SOX9 directly activates PROM1 via a Wnt-responsive intronic enhancer. (A) Volcano plot displaying log2 fold change of differentially expressed genes (SOX/GFP) along x-axis (FDR <0.05). Blue points mark genes significantly associated with SOX9-binding or differential H3K27ac. (B) Prom1 mRNA expression in indicated Apc^KO Kras^G12D colon organoids according to qRT-PCR; mean ± SD; Student’s t test: ****P < 0.001. (C) PROM1 mRNA expression in human CRC with WT, Het, or homozygous (Homo) SOX9 mutations.

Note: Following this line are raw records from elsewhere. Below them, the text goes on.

Lemma ex_le_transfer (K : IPre) (hK : HasExists K) (g : IMap A K)
    I J J' (u : J -> I) (w : J' -> I) (a : A J) (b : A J') :
  le (ex hH u (proj1_sig a)) (ex hH w (proj1_sig b)) ->
  le (ex hK u (g J a)) (ex hK w (g J' b)).
Proof.
  intro h.
  destruct (ex_prime_factor (P_prime (proj2_sig a)) h) as [t [wt_u le_t]].
  apply (ex_adj hK).
  eapply le_trans; [apply imap_mono with (y := rx t b), le_t |].
  eapply le_trans; [apply (imap_nat g t b) | exact (rx_le_rx_ex hK w t u _ wt_u)].
Qed.

Record presentation (I : Type) := Presentation {
  pres_dom : Type;
  pres_map : pres_dom -> I;
  pres_gen : A pres_dom
}.

Definition presents I (x : H I) (r : presentation I) : Prop :=
  iso x (ex hH (pres_map r) (proj1_sig (pres_gen r))).

Lemma presentation_exists {I} (x : H I) : exists r : presentation I, presents x r.
Proof.
  destruct (P_dense _ x) as [J [u [a [Pa x_iso]]]].
  now exists (Presentation u (exist _ a Pa : A J)).
Qed.

Definition presentation_of {I} (x : H I) : presentation I :=
  proj1_sig (constructive_indefinite_description _ (presentation_exists x)).

Lemma presentation_ofP {I} (x : H I) : presents x (presentation_of x).
Proof. exact (proj2_sig (constructive_indefinite_description _ (presentation_exists x))). Qed.

Variables (K : IPre) (hK : HasExists K).

Definition extend (g : IMap A K) {I} (x : H I) : K I :=
  let r := presentation_of x in ex hK (pres_map r) (g _ (pres_gen r)).

Lemma extend_iso (g : IMap A K) I (x : H I) J (w : J -> I) (b : A J) :
  iso x (ex hH w (proj1_sig b)) -> iso (extend g x) (ex hK w (g J b)).
Proof.
  intros [h1 h2]; destruct (presentation_ofP x) as [r1 r2].
  split; apply ex_le_transfer; eapply le_trans; eassumption.
Qed.

Lemma extend_mono (g : IMap A K) I (x y : H I) : le x y -> le (extend g x) (extend g y).
Proof.
  intro h; destruct (presentation_ofP x) as [_ rx2]; destruct (presentation_ofP y) as [ry1 _].
  apply ex_le_transfer.
  eapply le_trans; [exact rx2 | eapply le_trans; [exact h | exact ry1]].
Qed.

Lemma extend_nat (g : IMap A K) I J (v : J -> I) (x : H I) :
  iso (extend g (rx v x)) (rx v (extend g x)).
Proof.
  pose proof (presentation_ofP x) as x_iso.
  set (r := presentation_of x) in x_iso |- *.
  apply iso_trans with
    (ex hK (pb_fst v (pres_map r)) (g _ (rx (pb_snd v (pres_map r)) (pres_gen r)))).
  - apply extend_iso.
    exact (iso_trans (rx_iso v x_iso) (rx_ex_pb _ _ hH _)).
  - apply iso_trans with
      (ex hK (pb_fst v (pres_map r)) (rx (pb_snd v (pres_map r)) (g _ (pres_gen r)))).
    + apply ex_iso, imap_nat.
    + apply iso_sym, rx_ex_pb.
Qed.

Definition extend_map (g : IMap A K) : IMap H K :=
  {| imap := fun I x => extend g x; imap_mono := extend_mono g; imap_nat := extend_nat g |}.

Lemma extend_commutes_exists (g : IMap A K) : commutes_exists hH hK (extend_map g).
Proof.
  intros I J v x; simpl.
  pose proof (presentation_ofP x) as x_iso.
  set (r := presentation_of x) in x_iso |- *.
  apply iso_trans with (ex hK (fun k => v (pres_map r k)) (g _ (pres_gen r))).
  - apply extend_iso.
    exact (iso_trans (ex_iso hH v x_iso) (iso_sym (ex_comp hH _ _ _))).
  - apply ex_comp.
Qed.

Lemma extend_sub_incl (g : IMap A K) I (a : A I) : iso (extend g (proj1_sig a)) (g I a).
Proof.
  apply iso_trans with (ex hK (fun i => i) (g I a)).
  - apply extend_iso, iso_sym, ex_id.
  - apply ex_id.
Qed.

Lemma extend_comp_sub_incl (f : IMap H K) :
  commutes_exists hH hK f ->
  forall I (x : H I), iso (extend (imap_comp f (sub_incl hP)) x) (f I x).
Proof.
  intros f_ex I x.
  pose proof (presentation_ofP x) as x_iso.
  set (r := presentation_of x) in x_iso |- *.
  apply iso_sym, iso_trans with (f I (ex hH (pres_map r) (proj1_sig (pres_gen r)))).
  - exact (imap_iso f x_iso).
  - apply f_ex.
Qed.

End Completion.

Theorem sub_incl_exists_completion (H : IPre) (hH : HasExists H)
    (P : forall I : Type, H I -> Prop) (hP : reindex_closed P) :
  (forall I (phi : H I), exists (J : Type) (u : J -> I) (p : H J),
      P J p /\ iso phi (ex hH u p)) ->
  (forall I (p : H I), P I p -> ex_prime hH p) ->
  is_exists_completion hH (sub_incl hP).
Proof.
  intros P_dense P_prime K hK; split.
  - intros g g' h I x; apply h.
  - exists (fun g => exist _ (extend_map P_dense P_prime hK g)
                            (extend_commutes_exists P_dense P_prime hK g)).
    split; [| split].
    + intros g g' h I x; apply ex_mono, h.
    + intros [f f_ex]; split; intros I x;
        apply (extend_comp_sub_incl hP P_dense f_ex).
    + intro g; split; intros I a; apply (extend_sub_incl P_dense P_prime).
Qed.

Theorem proposition4p3 :
  (forall (H : IPre) (hH : HasExists H)
          (P : forall I : Type, H I -> Prop) (hP : reindex_closed P),
      (forall I (p : H I), P I p -> ex_prime hH p) ->
      (forall I (phi : H I), exists (J : Type) (u : J -> I) (p : H J),
          P J p /\ iso phi (ex hH u p)) ->
      is_exists_completion hH (sub_incl hP) /\
      (forall I (p : H I), ex_prime hH p -> exists a : H I, P I a /\ iso a p)) /\
  (forall (H : IPre) (hH : HasExists H),
      enough_primes hH -> is_exists_completion hH (prim_incl hH)).
Proof.
  split.
  - intros H hH P hP P_prime P_dense; split.
    + exact (sub_incl_exists_completion hP P_dense P_prime).
    + exact (ex_prime_iso_sub hP P_dense).
  - intros H hH enough.
    exact (sub_incl_exists_completion (@ex_prime_closed H hH) enough (fun I p h => h)).
Qed.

TCGA, The Cancer Genome Atlas. (D) mRNA and protein expression of PROM1 in indicated cell lines ± 0.5 μg/mL Dox. (E) IGV gene track of PROM1 intron1; signal tracks of H3K27ac (red) and V5-ChIP (blue) in indicated conditions; peak scale displayed in top right. (F) PROM1 enhancer reporter assay: phase-contrast and fluorescence images and quantification of HEK293T transiently transfected with indicated plasmids and/or treated with WNT3A. Abbreviations as in Figures 1, 2, and 5.

Figure 7.

PROM1 blocks intestinal differentiation via its first intracellular domain. (A, B) Proliferation and colony formation of indicated control and PROM1 shRNA HT-115 and LS180 ± 0.25 μg/mL Dox; mean ± SD; Student’s t test: ***P < 0.005. (C) Primary tumor xenograft growth curve and weight of NTC or indicated PROM1-knockdown HT-29 cell line; Student’s t test P values. (D) Immunoblot (PROM1, KRT20, and GAPDH) in indicated HT115 cell lines ± 0.5 μg/mL Dox. (E) Immunoblot (KRT20 and vinculin) in indicated LS180 cell lines ± 0.5 μg/mL Dox. (F) Immunoblot (KRT20, PROM1, SOX9, and vinculin) in indicated control or LS180 overexpression cells. (G) Immunoblot (KRT20, PROM1, SOX9, GAPDH, and vinculin) in indicated HT-115 and LS180 cells. (H) Immunoblot (KRT20, PROM1, SOX9, AXIN2, GAPDH, and vinculin) in inducible PROM1 shRNA HT-115 and LS180 cells with indicated Dox treatment. (I) KRT20 mRNA and KRT20, SOX9, vinculin protein expression in NTC or PROM1 shRNA LS180 cells expressing GFP or WT-SOX9 ± 0.5 μg/μL Dox; mean ± SD; Student’s t test: ****P < 0.001. (J) KRT20 mRNA and protein expression in indicated LS180 overexpression. (K) Schematic summarizing the SOX9-PROM1 reinforcing feedback loop. Abbreviations as in Figures 1, 2, and 5.